- **Goal of the exercise**: Transcribe the lines from the start of the data below through the line with "by (unfold compensated, highpass, p;", word for word and nothing more.

[Stored data entries]
Lemma lag_H_inf : H_inf p.
Proof.
  split.
  - intros z Hz; apply caratheodory_C_differentiable, lag_caratheodory; lra.
  - exists (g / d); intros z Hz; apply Cmod_lag_le; lra.
Qed.

Lemma lag_at_0_neq0 : p (RtoC 0) <> RtoC 0.
Proof.
  intros E; apply (f_equal fst) in E; unfold p, first_order_lag in E; unfold_C.
  match type of E with ?L = _ => replace L with (g / d) in E by (field; lra) end.
  assert (0 < g / d) by (apply Rdiv_lt_0_compat; lra); lra.
Qed.

Let G (s : C) : C := (highpass a s * (1 + p s / s))%C.

Lemma compensated_caratheodory (z : C) : 0 <= Re z -> caratheodory_at (compensated a m d g) z.
Proof.
  intros Hz; apply caratheodory_div; [| | exact (shift_neq0 a Ha z Hz)].
  - apply caratheodory_plus; [apply caratheodory_id | exact (lag_caratheodory z Hz)].
  - apply caratheodory_plus; [apply caratheodory_id | apply caratheodory_const].
Qed.

Lemma compensated_eq (s : C) : 0 < Re s -> compensated a m d g s = G s.
Proof.
  intros Hs; pose proof (Re_pos_neq0 s Hs).
  pose proof (shift_neq0 a Ha s (Rlt_le _ _ Hs)); pose proof (lag_denominator_neq0 s (Rlt_le _ _ Hs)).
  unfold compensated, G, highpass, p, first_order_lag; field; auto.
Qed.

Lemma compensated_A0 : A0 G.
Proof.
  apply (A0_of_extension G (compensated a m d g) 1 (1 + g / d / a) (g / d + a));
    auto using compensated_eq, compensated_caratheodory.
  - intros s Hs.
    replace (compensated a m d g s) with (highpass a s + p s / (s + a))%C
      by (unfold compensated, highpass, p; field; exact (shift_neq0 a Ha s Hs)).
    eapply Rle_trans; [apply Cmod_triangle |]; apply Rplus_le_compat.
    + exact (Cmod_highpass_le a Ha s Hs).
    + exact (Cmod_div_shift_le (p s) s a (g / d) Hs Ha (Cmod_lag_le s Hs)).
  - intros s Hs.
    replace (compensated a m d g s - 1)%C with ((p s - a) / (s + a))%C
      by (unfold compensated, p; field; exact (shift_neq0 a Ha s Hs)).
    apply Cmod_div_shift_mul_le; auto.
    eapply Rle_trans; [apply Cmod_triangle |]; rewrite Cmod_opp, Cmod_R, Rabs_right by lra.
    pose proof (Cmod_lag_le s Hs); lra.
Qed.

Lemma Re_compensated (x y : R) : 0 <= x ->
  let r := x ^ 2 + y ^ 2 in let M := (m * x + d) ^ 2 + m ^ 2 * y ^ 2 in
  Re (compensated a m d g (x, y)) =
  ((r + a * x) * M + g * ((x + a) * (m * x + d) - m * y ^ 2)) / (((x + a) ^ 2 + y ^ 2) * M).
Proof.
  intros Hx r M.
  assert (Hmx : 0 <= m * x) by (apply Rmult_le_pos; lra).
  assert (HM : 0 < M) by (unfold M; pose proof (pow2_ge_0 (m * y)); nra).
  assert (Hden : 0 < (x + a) ^ 2 + y ^ 2) by nra.
  unfold compensated, first_order_lag, r, M in *; unfold_C; field; lra.
Qed.

Lemma compensated_sub_PR (eps : R) :
  2 * g <= a * d -> 0 <= eps -> eps <= 1 / 8 ->
  eps * a * (8 * m ^ 2 * a ^ 2 + 2 * d ^ 2) <= g * d / 2 ->
  PR (fun s => G s - eps)%C.
Proof.
  intros Had He0 He1 Heps; split; [| split].
  - intros z Hz; apply caratheodory_C_differentiable.
    apply caratheodory_minus; [| apply caratheodory_const].
    apply caratheodory_mult; [apply highpass_caratheodory; lra |].
    apply caratheodory_plus; [apply caratheodory_const |].
    apply caratheodory_div; [apply lag_caratheodory; lra | apply caratheodory_id | apply Re_pos_neq0; exact Hz].
  - intros x Hx; unfold G, highpass, p, first_order_lag; unfold_C; unfold Rdiv; ring.
  - intros [x y] Hx.
    assert (E : Re (G (x, y) - eps)%C = Re (G (x, y)) - eps) by (unfold_C; ring).
    rewrite E, <- compensated_eq by exact Hx; unfold Re in Hx; cbn [fst] in Hx.
    rewrite Re_compensated by lra; cbv zeta.
    pose proof (numerator_lower_bound x y m d g a ltac:(lra) Hm Hg Ha Had) as Hnum.
    pose proof (denominator_upper_bound x y m d g a eps ltac:(lra) Hm Hd Hg Ha He0 He1 Heps) as Hden.
    cbv zeta in Hnum, Hden.
    assert (Hmx : 0 <= m * x) by (apply Rmult_le_pos; lra).
    pose proof (pow2_ge_0 (m * y)).
    match goal with |- 0 <= ?N / ?D - eps => enough (eps <= N / D) by lra end.
    apply Rle_div_r; [apply Rmult_lt_0_compat; nra | lra].
Qed.

Lemma highpass_P_h (Had : 2 * g <= a * d) : P_h (highpass a) p.
Proof.
  set (K := a * (8 * m ^ 2 * a ^ 2 + 2 * d ^ 2)).
  assert (HK : 0 < K).
  { unfold K; apply Rmult_lt_0_compat; [lra |].
    pose proof (pow2_ge_0 (m * a)); pose proof (pow_lt d 2 Hd); nra. }
  set (eps := Rmin (1 / 8) (g * d / (2 * K))).
  assert (Heps : 0 < eps) by (apply Rmin_pos; [lra | apply Rdiv_lt_0_compat; nra]).
  split; [exact lag_H_inf | split; [exact lag_at_0_neq0 |]].
  split; [exact compensated_A0 |].
  exists eps; split; [exact Heps |].
  apply compensated_sub_PR; [exact Had | lra | apply Rmin_l |].
  rewrite Rmult_assoc; fold K.
  replace (g * d / 2) with (g * d / (2 * K) * K) by (field; lra).
  apply Rmult_le_compat_r; [lra | apply Rmin_r].
Qed.

End FirstOrderLag.

Fixpoint highpass_corner (d g : nat -> R) (n : nat) : R :=
  match n with
  | O => 1
  | S k => Rmax (highpass_corner d g k) (2 * g k / d k)
  end.

Lemma highpass_corner_pos (d g : nat -> R) (n : nat) : 0 < highpass_corner d g n.
Proof. induction n as [| n IH]; simpl; [lra | eapply Rlt_le_trans; [exact IH | apply Rmax_l]]. Qed.

Lemma highpass_corner_ge (d g : nat -> R) (n i : nat) :
  (i < n)%nat -> 2 * g i / d i <= highpass_corner d g n.
Proof.
  induction n as [| n IH]; intros Hi; [lia |]; simpl.
  destruct (Nat.eq_dec i n) as [-> | Hne]; [apply Rmax_r |].
  eapply Rle_trans; [apply IH; lia | apply Rmax_l].
Qed.

Theorem corollary1 (n : nat) (m d gamma : nat -> R)
  (Hm : forall i, (i < n)%nat -> 0 <= m i)
  (Hd : forall i, (i < n)%nat -> 0 < d i)
  (Hg : forall i, (i < n)%nat -> 0 < gamma i) :
  exists h : Cplx -> Cplx, PR h /\ A0 h /\
    forall i, (i < n)%nat ->
      P_h h (fun s => Cdiv (RtoC (gamma i))
                           (Cadd (Cmul (RtoC (m i)) s) (RtoC (d i)))).
Proof.
  set (a := highpass_corner d gamma n).
  assert (Ha : 0 < a) by apply highpass_corner_pos.
  exists (highpass a); split; [exact (highpass_PR a Ha) | split; [exact (highpass_A0 a Ha) |]].
  intros i Hi.
  apply highpass_P_h; auto.
  pose proof (highpass_corner_ge d gamma n i Hi) as Hcorner; fold a in Hcorner.
  apply Rle_div_l in Hcorner; [lra | apply Hd; exact Hi].
Qed.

- **Expected answer**:
Lemma lag_H_inf : H_inf p.
Proof.
  split.
  - intros z Hz; apply caratheodory_C_differentiable, lag_caratheodory; lra.
  - exists (g / d); intros z Hz; apply Cmod_lag_le; lra.
Qed.

Lemma lag_at_0_neq0 : p (RtoC 0) <> RtoC 0.
Proof.
  intros E; apply (f_equal fst) in E; unfold p, first_order_lag in E; unfold_C.
  match type of E with ?L = _ => replace L with (g / d) in E by (field; lra) end.
  assert (0 < g / d) by (apply Rdiv_lt_0_compat; lra); lra.
Qed.

Let G (s : C) : C := (highpass a s * (1 + p s / s))%C.

Lemma compensated_caratheodory (z : C) : 0 <= Re z -> caratheodory_at (compensated a m d g) z.
Proof.
  intros Hz; apply caratheodory_div; [| | exact (shift_neq0 a Ha z Hz)].
  - apply caratheodory_plus; [apply caratheodory_id | exact (lag_caratheodory z Hz)].
  - apply caratheodory_plus; [apply caratheodory_id | apply caratheodory_const].
Qed.

Lemma compensated_eq (s : C) : 0 < Re s -> compensated a m d g s = G s.
Proof.
  intros Hs; pose proof (Re_pos_neq0 s Hs).
  pose proof (shift_neq0 a Ha s (Rlt_le _ _ Hs)); pose proof (lag_denominator_neq0 s (Rlt_le _ _ Hs)).
  unfold compensated, G, highpass, p, first_order_lag; field; auto.
Qed.

Lemma compensated_A0 : A0 G.
Proof.
  apply (A0_of_extension G (compensated a m d g) 1 (1 + g / d / a) (g / d + a));
    auto using compensated_eq, compensated_caratheodory.
  - intros s Hs.
    replace (compensated a m d g s) with (highpass a s + p s / (s + a))%C
      by (unfold compensated, highpass, p; field; exact (shift_neq0 a Ha s Hs)).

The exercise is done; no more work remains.